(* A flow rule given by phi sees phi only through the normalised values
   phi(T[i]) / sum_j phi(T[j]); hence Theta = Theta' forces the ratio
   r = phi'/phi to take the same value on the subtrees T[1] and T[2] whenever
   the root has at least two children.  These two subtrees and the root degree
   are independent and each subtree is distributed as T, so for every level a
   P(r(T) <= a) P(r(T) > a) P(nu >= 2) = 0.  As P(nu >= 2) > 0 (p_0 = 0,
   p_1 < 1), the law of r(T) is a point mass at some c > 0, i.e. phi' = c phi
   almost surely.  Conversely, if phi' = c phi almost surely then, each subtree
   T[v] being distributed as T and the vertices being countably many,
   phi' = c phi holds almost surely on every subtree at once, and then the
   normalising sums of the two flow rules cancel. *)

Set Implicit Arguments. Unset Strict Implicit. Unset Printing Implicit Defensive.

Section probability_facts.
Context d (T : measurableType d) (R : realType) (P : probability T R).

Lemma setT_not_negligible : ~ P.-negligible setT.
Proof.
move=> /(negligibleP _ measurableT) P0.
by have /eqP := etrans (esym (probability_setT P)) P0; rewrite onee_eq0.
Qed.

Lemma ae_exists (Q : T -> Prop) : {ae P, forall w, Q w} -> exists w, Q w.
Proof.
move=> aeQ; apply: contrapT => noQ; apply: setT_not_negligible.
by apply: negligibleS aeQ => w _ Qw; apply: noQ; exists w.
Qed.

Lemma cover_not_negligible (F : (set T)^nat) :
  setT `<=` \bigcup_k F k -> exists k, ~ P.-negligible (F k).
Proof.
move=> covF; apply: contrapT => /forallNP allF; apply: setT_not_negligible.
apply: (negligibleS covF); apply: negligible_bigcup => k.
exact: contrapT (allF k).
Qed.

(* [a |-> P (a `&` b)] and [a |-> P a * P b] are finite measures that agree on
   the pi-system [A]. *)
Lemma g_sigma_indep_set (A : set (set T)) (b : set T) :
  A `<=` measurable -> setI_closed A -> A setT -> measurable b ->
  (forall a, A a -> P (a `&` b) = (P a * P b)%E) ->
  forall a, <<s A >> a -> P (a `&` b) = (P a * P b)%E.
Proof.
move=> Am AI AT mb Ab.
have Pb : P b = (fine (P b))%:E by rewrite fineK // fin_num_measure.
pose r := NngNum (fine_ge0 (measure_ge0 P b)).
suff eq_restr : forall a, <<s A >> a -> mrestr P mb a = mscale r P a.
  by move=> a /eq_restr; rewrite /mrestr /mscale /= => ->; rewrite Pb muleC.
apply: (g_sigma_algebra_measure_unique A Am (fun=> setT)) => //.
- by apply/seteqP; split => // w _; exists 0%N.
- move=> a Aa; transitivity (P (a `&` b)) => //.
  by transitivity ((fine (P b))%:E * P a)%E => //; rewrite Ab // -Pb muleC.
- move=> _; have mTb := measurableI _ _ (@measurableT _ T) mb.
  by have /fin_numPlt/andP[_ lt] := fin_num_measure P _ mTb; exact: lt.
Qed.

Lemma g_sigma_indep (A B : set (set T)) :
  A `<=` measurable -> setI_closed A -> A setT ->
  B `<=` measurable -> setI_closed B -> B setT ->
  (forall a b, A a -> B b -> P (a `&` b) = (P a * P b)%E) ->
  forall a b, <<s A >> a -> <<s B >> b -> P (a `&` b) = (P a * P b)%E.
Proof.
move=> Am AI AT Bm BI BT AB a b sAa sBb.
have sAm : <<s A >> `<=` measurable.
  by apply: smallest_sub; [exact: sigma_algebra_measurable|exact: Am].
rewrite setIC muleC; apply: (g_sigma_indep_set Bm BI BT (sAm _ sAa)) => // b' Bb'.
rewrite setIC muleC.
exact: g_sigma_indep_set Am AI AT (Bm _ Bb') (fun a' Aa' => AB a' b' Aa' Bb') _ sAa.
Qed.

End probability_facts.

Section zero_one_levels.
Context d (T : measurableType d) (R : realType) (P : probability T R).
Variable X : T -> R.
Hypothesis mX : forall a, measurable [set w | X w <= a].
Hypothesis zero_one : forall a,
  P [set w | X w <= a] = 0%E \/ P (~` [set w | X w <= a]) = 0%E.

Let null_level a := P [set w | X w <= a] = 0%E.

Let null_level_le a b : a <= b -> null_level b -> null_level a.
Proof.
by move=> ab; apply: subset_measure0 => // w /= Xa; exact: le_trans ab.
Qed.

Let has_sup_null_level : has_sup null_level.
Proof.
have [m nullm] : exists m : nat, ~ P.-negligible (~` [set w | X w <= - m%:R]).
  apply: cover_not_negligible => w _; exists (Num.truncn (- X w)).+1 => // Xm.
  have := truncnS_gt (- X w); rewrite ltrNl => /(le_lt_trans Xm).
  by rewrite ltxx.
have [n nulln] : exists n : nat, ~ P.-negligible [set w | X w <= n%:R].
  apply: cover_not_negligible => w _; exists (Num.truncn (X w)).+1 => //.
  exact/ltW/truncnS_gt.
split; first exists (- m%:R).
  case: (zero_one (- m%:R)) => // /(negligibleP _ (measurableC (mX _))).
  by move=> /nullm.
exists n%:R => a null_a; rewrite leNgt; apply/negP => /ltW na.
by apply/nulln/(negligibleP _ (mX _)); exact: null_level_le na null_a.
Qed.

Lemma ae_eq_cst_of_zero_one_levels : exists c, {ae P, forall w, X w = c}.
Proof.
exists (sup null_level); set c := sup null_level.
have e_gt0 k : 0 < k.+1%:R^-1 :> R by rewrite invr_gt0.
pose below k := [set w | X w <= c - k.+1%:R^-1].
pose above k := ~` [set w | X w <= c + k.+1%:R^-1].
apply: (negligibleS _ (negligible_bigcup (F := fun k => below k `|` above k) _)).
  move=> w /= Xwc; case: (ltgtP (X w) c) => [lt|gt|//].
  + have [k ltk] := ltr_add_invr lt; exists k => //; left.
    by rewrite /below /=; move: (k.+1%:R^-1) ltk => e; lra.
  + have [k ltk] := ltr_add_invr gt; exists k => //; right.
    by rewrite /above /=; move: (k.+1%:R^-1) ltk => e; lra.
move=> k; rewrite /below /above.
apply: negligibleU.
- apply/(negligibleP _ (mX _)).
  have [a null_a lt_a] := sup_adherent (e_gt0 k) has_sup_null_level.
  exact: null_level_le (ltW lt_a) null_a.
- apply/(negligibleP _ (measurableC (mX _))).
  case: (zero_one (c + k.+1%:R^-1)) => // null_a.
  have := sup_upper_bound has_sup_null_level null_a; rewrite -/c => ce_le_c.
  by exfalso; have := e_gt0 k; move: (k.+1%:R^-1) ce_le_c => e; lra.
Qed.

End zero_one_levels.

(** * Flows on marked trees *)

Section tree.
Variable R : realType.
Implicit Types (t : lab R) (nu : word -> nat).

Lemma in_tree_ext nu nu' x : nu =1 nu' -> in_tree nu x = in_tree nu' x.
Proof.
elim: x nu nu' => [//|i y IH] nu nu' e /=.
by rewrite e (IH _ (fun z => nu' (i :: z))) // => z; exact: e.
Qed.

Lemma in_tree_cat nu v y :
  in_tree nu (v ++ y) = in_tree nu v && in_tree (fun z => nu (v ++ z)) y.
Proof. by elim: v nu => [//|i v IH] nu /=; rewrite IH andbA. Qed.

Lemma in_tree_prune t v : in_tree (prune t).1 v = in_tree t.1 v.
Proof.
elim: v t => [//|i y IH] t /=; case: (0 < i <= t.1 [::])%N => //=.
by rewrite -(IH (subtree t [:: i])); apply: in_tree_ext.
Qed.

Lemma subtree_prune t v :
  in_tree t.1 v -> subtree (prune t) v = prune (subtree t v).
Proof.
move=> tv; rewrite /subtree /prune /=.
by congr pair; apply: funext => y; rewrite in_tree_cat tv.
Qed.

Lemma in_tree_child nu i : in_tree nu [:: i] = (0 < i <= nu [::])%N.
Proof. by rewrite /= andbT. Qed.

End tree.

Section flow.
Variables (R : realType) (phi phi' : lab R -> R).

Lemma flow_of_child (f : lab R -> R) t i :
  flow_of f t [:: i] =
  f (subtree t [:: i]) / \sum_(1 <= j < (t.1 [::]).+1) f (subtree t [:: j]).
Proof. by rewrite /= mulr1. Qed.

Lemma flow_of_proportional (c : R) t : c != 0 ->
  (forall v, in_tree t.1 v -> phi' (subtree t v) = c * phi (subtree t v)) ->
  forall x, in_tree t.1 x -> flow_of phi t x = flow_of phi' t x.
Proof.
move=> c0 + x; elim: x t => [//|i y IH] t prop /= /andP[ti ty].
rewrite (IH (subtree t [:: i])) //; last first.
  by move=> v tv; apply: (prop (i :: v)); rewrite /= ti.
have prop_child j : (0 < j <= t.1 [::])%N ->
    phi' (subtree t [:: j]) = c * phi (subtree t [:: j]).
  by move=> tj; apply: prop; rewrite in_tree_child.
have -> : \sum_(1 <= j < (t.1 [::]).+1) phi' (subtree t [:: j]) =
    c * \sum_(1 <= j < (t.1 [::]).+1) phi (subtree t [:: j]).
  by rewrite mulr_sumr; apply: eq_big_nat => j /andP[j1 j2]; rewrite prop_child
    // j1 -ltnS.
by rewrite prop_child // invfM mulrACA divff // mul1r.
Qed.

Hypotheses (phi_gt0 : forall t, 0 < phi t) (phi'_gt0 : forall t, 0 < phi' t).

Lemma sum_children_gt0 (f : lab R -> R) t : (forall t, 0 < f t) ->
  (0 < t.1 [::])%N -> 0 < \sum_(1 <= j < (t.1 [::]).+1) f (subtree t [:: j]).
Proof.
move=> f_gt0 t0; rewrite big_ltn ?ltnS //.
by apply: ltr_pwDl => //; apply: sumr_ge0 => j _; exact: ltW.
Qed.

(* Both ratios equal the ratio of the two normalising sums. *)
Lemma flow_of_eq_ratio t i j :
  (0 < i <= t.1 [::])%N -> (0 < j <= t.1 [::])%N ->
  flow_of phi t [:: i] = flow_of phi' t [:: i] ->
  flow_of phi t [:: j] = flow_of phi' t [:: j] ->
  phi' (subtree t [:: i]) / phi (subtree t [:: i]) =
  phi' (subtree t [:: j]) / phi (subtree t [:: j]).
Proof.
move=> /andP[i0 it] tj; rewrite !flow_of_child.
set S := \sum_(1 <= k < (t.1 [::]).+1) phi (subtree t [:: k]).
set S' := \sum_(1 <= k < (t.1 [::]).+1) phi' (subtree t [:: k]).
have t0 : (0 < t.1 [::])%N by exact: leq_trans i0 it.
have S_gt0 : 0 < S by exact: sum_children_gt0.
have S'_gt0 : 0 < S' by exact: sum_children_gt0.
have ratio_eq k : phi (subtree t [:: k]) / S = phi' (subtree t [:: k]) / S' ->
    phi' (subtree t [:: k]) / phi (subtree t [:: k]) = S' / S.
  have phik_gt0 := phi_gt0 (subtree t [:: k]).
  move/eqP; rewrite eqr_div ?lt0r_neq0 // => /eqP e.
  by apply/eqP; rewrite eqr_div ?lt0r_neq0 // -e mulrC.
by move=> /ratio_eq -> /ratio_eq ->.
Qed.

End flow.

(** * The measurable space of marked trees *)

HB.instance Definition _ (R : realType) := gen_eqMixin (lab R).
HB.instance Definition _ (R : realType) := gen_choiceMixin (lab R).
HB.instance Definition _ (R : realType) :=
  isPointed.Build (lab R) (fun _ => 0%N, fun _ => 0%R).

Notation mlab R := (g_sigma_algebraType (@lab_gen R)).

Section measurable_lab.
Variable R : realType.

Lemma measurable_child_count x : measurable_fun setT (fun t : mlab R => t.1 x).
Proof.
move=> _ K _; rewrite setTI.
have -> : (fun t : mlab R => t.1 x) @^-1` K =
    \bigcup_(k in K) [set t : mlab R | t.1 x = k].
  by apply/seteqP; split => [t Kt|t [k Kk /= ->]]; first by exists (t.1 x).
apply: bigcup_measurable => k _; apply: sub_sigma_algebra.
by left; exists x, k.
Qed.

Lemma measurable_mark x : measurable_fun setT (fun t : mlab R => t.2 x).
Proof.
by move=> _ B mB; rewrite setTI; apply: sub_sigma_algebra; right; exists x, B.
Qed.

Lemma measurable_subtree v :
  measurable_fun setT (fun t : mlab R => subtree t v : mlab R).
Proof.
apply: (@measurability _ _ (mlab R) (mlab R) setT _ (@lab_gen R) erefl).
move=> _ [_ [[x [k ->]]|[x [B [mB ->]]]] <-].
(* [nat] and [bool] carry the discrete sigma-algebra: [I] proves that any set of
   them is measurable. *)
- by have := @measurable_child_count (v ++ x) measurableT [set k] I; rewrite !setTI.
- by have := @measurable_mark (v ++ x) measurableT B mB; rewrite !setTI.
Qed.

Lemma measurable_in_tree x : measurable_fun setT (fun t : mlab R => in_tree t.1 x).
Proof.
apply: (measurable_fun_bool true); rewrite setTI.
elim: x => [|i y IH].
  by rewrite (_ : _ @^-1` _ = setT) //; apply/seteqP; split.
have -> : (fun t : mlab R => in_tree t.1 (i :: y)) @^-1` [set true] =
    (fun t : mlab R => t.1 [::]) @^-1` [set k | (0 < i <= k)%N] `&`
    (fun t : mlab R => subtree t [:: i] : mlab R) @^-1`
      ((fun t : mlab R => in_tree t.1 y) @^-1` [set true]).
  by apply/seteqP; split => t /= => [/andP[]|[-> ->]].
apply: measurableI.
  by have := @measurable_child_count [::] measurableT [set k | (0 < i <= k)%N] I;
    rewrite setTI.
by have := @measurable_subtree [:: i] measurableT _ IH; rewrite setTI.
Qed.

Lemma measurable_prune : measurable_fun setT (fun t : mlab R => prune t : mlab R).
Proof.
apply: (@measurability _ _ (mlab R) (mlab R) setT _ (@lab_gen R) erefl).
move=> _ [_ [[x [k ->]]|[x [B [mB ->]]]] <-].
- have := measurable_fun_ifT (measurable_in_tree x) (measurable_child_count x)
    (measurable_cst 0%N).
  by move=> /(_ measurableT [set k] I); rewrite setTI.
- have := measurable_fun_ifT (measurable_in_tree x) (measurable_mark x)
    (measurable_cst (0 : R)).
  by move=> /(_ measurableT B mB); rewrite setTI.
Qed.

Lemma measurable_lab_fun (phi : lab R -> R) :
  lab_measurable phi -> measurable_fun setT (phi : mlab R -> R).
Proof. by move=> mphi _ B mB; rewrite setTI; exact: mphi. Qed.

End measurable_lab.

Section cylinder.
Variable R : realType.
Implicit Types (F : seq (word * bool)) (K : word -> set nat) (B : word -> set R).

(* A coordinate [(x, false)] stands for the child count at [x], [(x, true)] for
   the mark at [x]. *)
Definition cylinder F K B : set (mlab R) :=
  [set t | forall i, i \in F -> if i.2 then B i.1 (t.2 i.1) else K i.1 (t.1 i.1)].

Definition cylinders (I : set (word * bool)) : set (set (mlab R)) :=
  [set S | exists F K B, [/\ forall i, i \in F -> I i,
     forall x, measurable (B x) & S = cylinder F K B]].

━━━━

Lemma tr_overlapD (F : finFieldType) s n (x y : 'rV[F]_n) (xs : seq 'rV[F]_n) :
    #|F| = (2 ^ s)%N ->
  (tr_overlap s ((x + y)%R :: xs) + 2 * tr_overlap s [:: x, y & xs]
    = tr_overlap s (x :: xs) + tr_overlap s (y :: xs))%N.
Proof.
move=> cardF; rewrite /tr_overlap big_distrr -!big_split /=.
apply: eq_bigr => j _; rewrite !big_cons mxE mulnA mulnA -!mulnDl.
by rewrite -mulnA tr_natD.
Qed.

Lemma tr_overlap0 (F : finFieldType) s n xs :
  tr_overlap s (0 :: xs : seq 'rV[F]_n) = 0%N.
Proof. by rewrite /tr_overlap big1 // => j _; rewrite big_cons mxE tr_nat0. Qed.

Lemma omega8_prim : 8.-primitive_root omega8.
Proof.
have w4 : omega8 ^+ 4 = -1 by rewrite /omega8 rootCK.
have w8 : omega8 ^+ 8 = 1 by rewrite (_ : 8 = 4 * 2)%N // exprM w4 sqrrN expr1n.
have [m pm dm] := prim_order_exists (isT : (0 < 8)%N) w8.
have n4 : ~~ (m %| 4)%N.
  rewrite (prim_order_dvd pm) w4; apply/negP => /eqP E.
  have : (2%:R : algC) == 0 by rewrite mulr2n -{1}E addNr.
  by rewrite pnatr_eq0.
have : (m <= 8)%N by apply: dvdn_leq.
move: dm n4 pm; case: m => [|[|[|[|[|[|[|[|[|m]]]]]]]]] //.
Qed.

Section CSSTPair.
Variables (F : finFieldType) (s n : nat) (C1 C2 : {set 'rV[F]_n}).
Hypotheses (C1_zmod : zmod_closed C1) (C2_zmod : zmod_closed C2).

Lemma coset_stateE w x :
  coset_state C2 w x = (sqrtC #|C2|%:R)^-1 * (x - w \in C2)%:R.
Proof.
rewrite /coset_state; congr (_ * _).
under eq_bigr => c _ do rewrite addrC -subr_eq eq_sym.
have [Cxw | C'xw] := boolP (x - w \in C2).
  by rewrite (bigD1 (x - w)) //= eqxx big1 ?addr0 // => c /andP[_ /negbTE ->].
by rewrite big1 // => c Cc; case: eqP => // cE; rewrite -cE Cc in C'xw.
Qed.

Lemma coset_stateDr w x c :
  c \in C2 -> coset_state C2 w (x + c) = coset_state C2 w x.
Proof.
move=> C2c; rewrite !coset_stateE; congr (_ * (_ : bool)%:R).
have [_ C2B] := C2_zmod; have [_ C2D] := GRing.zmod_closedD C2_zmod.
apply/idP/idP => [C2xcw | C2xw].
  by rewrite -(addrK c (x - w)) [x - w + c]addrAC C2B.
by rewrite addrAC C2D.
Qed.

━━━━

## What you need to do
From the records above, extract exactly and only the lines that begin at the line with "Lemma g_sigma_indep (A" and stop after the line with "have sAm : <<s".

## Result below
Lemma g_sigma_indep (A B : set (set T)) :
  A `<=` measurable -> setI_closed A -> A setT ->
  B `<=` measurable -> setI_closed B -> B setT ->
  (forall a b, A a -> B b -> P (a `&` b) = (P a * P b)%E) ->
  forall a b, <<s A >> a -> <<s B >> b -> P (a `&` b) = (P a * P b)%E.
Proof.
move=> Am AI AT Bm BI BT AB a b sAa sBb.
have sAm : <<s A >> `<=` measurable.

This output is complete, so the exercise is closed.